2) Xiph should immediately drop Ogg for [insert container here], breaking millions of hardware decoders and hundreds of millions of software decoders:
a) the [patented] mp4/MOV container is one suggestion they actually make seriously. Never mind adding 'willful infringement' to breaking the entire installed software/hardware base, this choice would totally redeem Xiph in their eyes. The benefit: by their own figures, it would reduce container overhead from.7% to.3%.

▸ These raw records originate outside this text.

Lemma abs_summable_delta_mul s (K : Cu2 -> R[i]) :
  abs_summable (fun v => delta R s v * K v).
Proof.
by apply: (abs_summable_single (s := s)) => t; rewrite /delta => /negPf ->; rewrite mul0r.
Qed.

Lemma tauA_delta s : tauA (delta R s) = tau_w R s.
Proof. exact: csum_delta_mul. Qed.

(* A total version of the product: pairs multiplying to the zero element go to
   an arbitrary index, where their summands vanish anyway. *)
Definition conv_index (p : Cu2 * Cu2) : Cu2 := odflt Cu2_e (Cu2_mul p.1 p.2).

Lemma abs_summable_conv_family f g w : inA f -> inA g ->
  abs_summable (fun p : Cu2 * Cu2 =>
    if Cu2_mul p.1 p.2 == Some w then f p.1 * g p.2 else 0).
Proof.
move=> sf sg; apply: (abs_summable_bound (c := fun p => cabs (f p.1 * g p.2))).
  by move=> p; case: ifP; rewrite ?cabs0 ?cabs_ge0.
exact: abs_summable_prod.
Qed.

Lemma csum_conv_mul f g K M : inA f -> inA g -> (forall w, cabs (K w) <= M)%R ->
  csum (fun w => conv f g w * K w) =
  csum (fun p : Cu2 * Cu2 => f p.1 * g p.2 * extend0 K (Cu2_mul p.1 p.2)).
Proof.
move=> sf sg KM.
have sF : abs_summable (fun p : Cu2 * Cu2 => f p.1 * g p.2 * extend0 K (Cu2_mul p.1 p.2)).
  apply: (abs_summable_mul_bounded (M := Num.max M 0)); first exact: abs_summable_prod.
  by move=> p; exact: cabs_extend0_le.
rewrite (csum_fibers conv_index sF); congr csum; apply: funext => w.
rewrite /conv mulrC -csumZ; last exact: abs_summable_conv_family.
congr csum; apply: funext => p; rewrite /conv_index.
case: (Cu2_mul p.1 p.2) => [w'|] /=; last by rewrite !mulr0; case: ifP.
by rewrite [Some w' == Some w]/eq_op /=; case: eqP => [->|_]; [ring|rewrite mulr0].
Qed.

Lemma tauA_conv f g : inA f -> inA g ->
  tauA (conv f g) = csum (fun p : Cu2 * Cu2 => f p.1 * g p.2 * tauc (Cu2_mul p.1 p.2)).
Proof. by move=> sf sg; rewrite /tauA (csum_conv_mul (M := 1%R)) // => w; exact: cabs_tau_w_le1. Qed.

(Except that number is wrong. I found later that DonDiego screwed up his mp4 overhead figures at the link above; I had simply assumed he got his container numbers right. The mp4 file in his example has almost identical container overhead to the Ogg, a shade under 1%. His demultiplexed mpeg audio and video had framing in them, so it made it appear the mp4 container overhead was much smaller when he subtracted their file sizes.)
b) OK, mp4 is patented and no better, fine, Xiph should have just used Matroska from the beginning. Despite the fact that Ogg and Vorbis predated it by about five years (also mkv's not been able to interleave until just recently, which == no streaming). This is not to say you can't put Theora and Vorbis in Matroska. It's even a good idea! I've come to like MKV. But for streaming, Ogg is still much easier to deal with. Ogg was designed to stream, mkv was not.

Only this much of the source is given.